:: Instructions to follow ::
Within the records, which lines hold the string "ipZl"? Report each one by copying it.
----- Recorded information -----
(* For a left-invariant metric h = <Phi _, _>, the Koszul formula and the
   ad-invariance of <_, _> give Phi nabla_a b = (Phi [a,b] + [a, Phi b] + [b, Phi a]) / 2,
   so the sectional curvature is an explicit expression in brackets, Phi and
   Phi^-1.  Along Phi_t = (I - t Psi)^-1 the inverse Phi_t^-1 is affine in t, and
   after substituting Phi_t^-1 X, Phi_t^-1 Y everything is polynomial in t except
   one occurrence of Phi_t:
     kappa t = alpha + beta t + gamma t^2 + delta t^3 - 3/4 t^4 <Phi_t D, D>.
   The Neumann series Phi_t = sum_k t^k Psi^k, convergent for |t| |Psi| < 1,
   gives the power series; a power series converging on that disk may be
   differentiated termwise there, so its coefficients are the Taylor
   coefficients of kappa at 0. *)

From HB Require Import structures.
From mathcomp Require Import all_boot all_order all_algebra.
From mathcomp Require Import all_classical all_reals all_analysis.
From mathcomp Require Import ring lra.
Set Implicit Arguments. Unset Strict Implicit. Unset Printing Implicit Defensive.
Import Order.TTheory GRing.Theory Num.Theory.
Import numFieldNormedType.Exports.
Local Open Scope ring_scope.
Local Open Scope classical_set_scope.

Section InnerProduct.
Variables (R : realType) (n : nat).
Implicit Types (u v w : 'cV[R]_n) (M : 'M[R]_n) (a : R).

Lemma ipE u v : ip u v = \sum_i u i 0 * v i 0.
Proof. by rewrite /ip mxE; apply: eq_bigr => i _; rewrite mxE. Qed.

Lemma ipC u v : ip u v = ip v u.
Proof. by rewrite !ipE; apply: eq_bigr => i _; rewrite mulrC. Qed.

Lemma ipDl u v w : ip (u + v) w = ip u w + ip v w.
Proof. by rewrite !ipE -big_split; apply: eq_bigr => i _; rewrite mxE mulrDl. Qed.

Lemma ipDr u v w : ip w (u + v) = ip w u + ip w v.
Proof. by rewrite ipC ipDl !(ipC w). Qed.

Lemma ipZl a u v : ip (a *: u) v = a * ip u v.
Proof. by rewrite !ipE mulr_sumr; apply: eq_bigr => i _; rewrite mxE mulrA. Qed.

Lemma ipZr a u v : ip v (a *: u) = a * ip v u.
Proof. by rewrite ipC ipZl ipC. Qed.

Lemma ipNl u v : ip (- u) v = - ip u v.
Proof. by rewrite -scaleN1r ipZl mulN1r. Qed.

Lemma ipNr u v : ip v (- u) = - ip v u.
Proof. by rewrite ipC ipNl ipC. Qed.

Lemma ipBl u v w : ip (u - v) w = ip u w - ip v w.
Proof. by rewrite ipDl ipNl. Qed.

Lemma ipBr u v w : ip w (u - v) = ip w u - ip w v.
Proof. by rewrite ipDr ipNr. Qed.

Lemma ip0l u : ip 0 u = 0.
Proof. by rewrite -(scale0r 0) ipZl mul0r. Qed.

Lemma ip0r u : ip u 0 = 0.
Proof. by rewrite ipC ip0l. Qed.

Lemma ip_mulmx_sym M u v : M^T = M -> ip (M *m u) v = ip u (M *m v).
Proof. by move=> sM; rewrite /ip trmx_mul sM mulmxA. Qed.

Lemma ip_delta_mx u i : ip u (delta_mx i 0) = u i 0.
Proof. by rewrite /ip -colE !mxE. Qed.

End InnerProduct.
-----
:: Response ::
Lemma ipZl a u v : ip (a *: u) v = a * ip u v.
Proof. by rewrite ipC ipZl ipC. Qed.
Proof. by rewrite -scaleN1r ipZl mulN1r. Qed.
Proof. by rewrite -(scale0r 0) ipZl mul0r. Qed.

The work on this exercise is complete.